During the study period from June to October 2023, 1,285 neonates were born at 35 completed weeks to 41 6/7 weeks of gestation. We screened 76 late preterm AGA neonates for Group 1 and 145 term SGA neonates for Group 2, and 55 were enrolled in both the groups. For Control Group 3, 124 term AGA neonates delivered after group enrolment were assessed and 110 neonates who met the inclusion criteria were enrolled as controls. A summary of the enrolment procedure with reasons for exclusion is shown in Figure 1.
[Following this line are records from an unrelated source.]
(* Assume $z>w>x>y$, $w+x>z+y$, $w>0$, $z>0$, that $G$ is connected, that $\boldsymbol\psi>\mathbf 0$ and $\boldsymbol\eta\in[0,1]^n$ are time-invariant, and that each $\lambda_i(t)>0$ is increasing in $t$ with $\lim_{t\to\infty}\lambda_i(t)=\infty$. Then for every initial condition $\mathbf q(0)\in\mathbb R^n$ there exist a vector $\underline{\boldsymbol\lambda}>\mathbf 0$ and a number $\underline T>0$ such that if $\lambda_i(t)<\underline\lambda_i$ for all $i$ and all $t<\underline T$, then all players favour the risk-dominant action $D$ as $t\to\infty$ (i.e., $q_i(t)>0$ for all $i$ and all sufficiently large $t$).
   Context: There are $n$ agents on an undirected simple graph with symmetric adjacency matrix $G\in\{0,1\}^{n\times n}$, $G_{ii}=0$; $N_i=\{j:G_{ij}=1\}$. Actions are $C$ and $D$. The stage payoff to an agent playing the row action against a neighbour playing the column action is $u(C,C)=z$, $u(C,D)=y$, $u(D,C)=x$, $u(D,D)=w$. The state is $\mathbf q(t)\in\mathbb R^n$ ($q_i$ = attraction of $D$ minus attraction of $C$ for agent $i$), $p_i(t)=1/(1+e^{-\lambda_i(t) q_i(t)})$, and the (non-autonomous) dynamics are $$\dot q_i=-\psi_i q_i+\big(p_i+\eta_i(1-p_i)\big)\sum_{j\in N_i}\big(p_jw+(1-p_j)x\big)-\big(1-p_i+\eta_ip_i\big)\sum_{j\in N_i}\big(p_jy+(1-p_j)z\big).$$ *)

From Stdlib Require Import Reals Lra Relations.
From Coquelicot Require Import Coquelicot.
Open Scope R_scope.

(* Agents are indexed by nat, with only indices i < n meaningful. *)

Fixpoint sumR (n : nat) (f : nat -> R) : R :=
  match n with
  | O => 0
  | S m => sumR m f + f m
  end.

Definition simple_graph (n : nat) (G : nat -> nat -> bool) : Prop :=
  (forall i j, (i < n)%nat -> (j < n)%nat -> G i j = G j i) /\
  (forall i, (i < n)%nat -> G i i = false).

Definition edge (n : nat) (G : nat -> nat -> bool) (a b : nat) : Prop :=
  (a < n)%nat /\ (b < n)%nat /\ G a b = true.

Definition connected (n : nat) (G : nat -> nat -> bool) : Prop :=
  forall i j, (i < n)%nat -> (j < n)%nat -> clos_refl_trans nat (edge n G) i j.

Definition nbsum (n : nat) (G : nat -> nat -> bool) (i : nat) (f : nat -> R) : R :=
  sumR n (fun j => if G i j then f j else 0).

(* logit choice probability of D *)
Definition prob (lam qi : R) : R := 1 / (1 + exp (- (lam * qi))).

Definition rhs (n : nat) (G : nat -> nat -> bool) (x y z w : R)
  (psi eta : nat -> R) (lam : nat -> R -> R) (t : R) (q : nat -> R) (i : nat) : R :=
  let p := fun j => prob (lam j t) (q j) in
  - psi i * q i
  + (p i + eta i * (1 - p i)) * nbsum n G i (fun j => p j * w + (1 - p j) * x)
  - (1 - p i + eta i * p i) * nbsum n G i (fun j => p j * y + (1 - p j) * z).

Definition is_solution (n : nat) (G : nat -> nat -> bool) (x y z w : R)
  (psi eta : nat -> R) (lam : nat -> R -> R) (q0 : nat -> R) (q : R -> nat -> R) : Prop :=
  (forall i, (i < n)%nat -> q 0 i = q0 i) /\
  (forall i, (i < n)%nat ->
     filterlim (fun s => q s i) (at_right 0) (locally (q0 i))) /\
  (forall i t, (i < n)%nat -> 0 < t ->
     is_derive (fun s => q s i) t (rhs n G x y z w psi eta lam t (q t) i)).

(* While lambda is small, every choice probability stays close to 1/2, and at
   p = r = 1/2 each neighbour contributes (1 + eta)(w + x - y - z)/4 > 0 to the
   drift of q_i (risk dominance).  Since each q_i is a priori bounded through
   the damping -psi_i q_i, choosing lambda_i below a multiple of the inverse of
   that bound keeps the drift of every q_i above a positive constant up to a
   time large enough for all q_i to become positive.  Finally the open positive
   orthant is forward invariant for any lambda > 0: if q_i reaches 0 while the
   other agents favour D, its neighbours pay at least as well as a coin flip
   and the drift of q_i is positive. *)
From Stdlib Require Import Reals Lra Lia Relations Classical.
From Coquelicot Require Import Coquelicot.
Open Scope R_scope.

(** * Finite sums *)

Lemma sumR_nonneg n f : (forall j, (j < n)%nat -> 0 <= f j) -> 0 <= sumR n f.
Proof.
  induction n as [|n IH]; simpl; intros Hf; [lra|].
  assert (0 <= sumR n f) by (apply IH; intros; apply Hf; lia).
  assert (0 <= f n) by (apply Hf; lia).
  lra.
Qed.

Lemma sumR_ge_term n f k :
  (forall j, (j < n)%nat -> 0 <= f j) -> (k < n)%nat -> f k <= sumR n f.
Proof.
  induction n as [|n IH]; simpl; intros Hf Hk; [lia|].
  destruct (Nat.eq_dec k n) as [->|Hne].
  - assert (0 <= sumR n f) by (apply sumR_nonneg; intros; apply Hf; lia). lra.
  - assert (f k <= sumR n f) by (apply IH; [intros; apply Hf|]; lia).
    assert (0 <= f n) by (apply Hf; lia). lra.
Qed.

Lemma sumR_abs_le n f K :
  (forall j, (j < n)%nat -> Rabs (f j) <= K) -> Rabs (sumR n f) <= INR n * K.
Proof.
  induction n as [|n IH]; simpl sumR; intros Hf.
  - rewrite Rabs_R0. simpl. lra.
  - assert (Rabs (sumR n f) <= INR n * K) by (apply IH; intros; apply Hf; lia).
    assert (Rabs (f n) <= K) by (apply Hf; lia).
    pose proof (Rabs_triang (sumR n f) (f n)).
    rewrite S_INR. lra.
Qed.

Lemma nbsum_lin n G i a b f g :
  nbsum n G i (fun j => a * f j - b * g j) = a * nbsum n G i f - b * nbsum n G i g.
Proof.
  unfold nbsum. induction n as [|n IH]; simpl; [ring|].
  rewrite IH. destruct (G i n); ring.
Qed.

Lemma connected_neighbour n G i :
  (2 <= n)%nat -> connected n G -> (i < n)%nat -> exists k, (k < n)%nat /\ G i k = true.
Proof.
  intros Hn Hconn Hi.
  assert (Hj : exists j, (j < n)%nat /\ j <> i).
  { exists (if Nat.eq_dec i 0 then 1%nat else 0%nat). destruct (Nat.eq_dec i 0); lia. }
  destruct Hj as [j [Hj Hji]].
  pose proof (clos_rt_rt1n _ _ _ _ (Hconn i j Hi Hj)) as Hpath.
  inversion Hpath as [| k ? [_ [Hk HGk]] _]; [lia | exists k; auto].
Qed.

Lemma nbsum_ge n G i f a :
  (2 <= n)%nat -> connected n G -> (i < n)%nat -> 0 <= a ->
  (forall j, (j < n)%nat -> G i j = true -> a <= f j) -> a <= nbsum n G i f.
Proof.
  intros Hn Hconn Hi Ha Hf.
  destruct (connected_neighbour n G i Hn Hconn Hi) as [k [Hk HGk]].
  set (F := fun j => if G i j then f j else 0).
  assert (HF : forall j, (j < n)%nat -> 0 <= F j).
  { intros j Hj. unfold F. destruct (G i j) eqn:E; [pose proof (Hf j Hj E)|]; lra. }
  pose proof (sumR_ge_term n F k HF Hk) as Hsum.
  unfold F in Hsum at 1. rewrite HGk in Hsum. pose proof (Hf k Hk HGk).
  unfold nbsum. fold F. lra.
Qed.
Enrollment details. AGA: Appropriate for gestational age, SGA: Small for gestational age,
Figure 1:
Enrollment details. AGA: Appropriate for gestational age, SGA: Small for gestational age,

Baseline maternal and neonatal data, including anthropometry, are represented in Table 1. A majority of neonates (n = 210, 95.5%) were on exclusive breastfeeding, while a few neonates (n = 10, 4.5%) required additional formula feeding. Some neonates required NICU admission within first 72 hours of life for the management of hypoglycemia (n = 7) or neonatal hyperbilirubinemia (n = 2), and this rate of early NICU admissions was significantly higher in Group 1 (n = 5, 9%) and Group 2 (n = 3, 5%) compared to the control group, Group 3 (n = 1, 0.9%; P = 0.037).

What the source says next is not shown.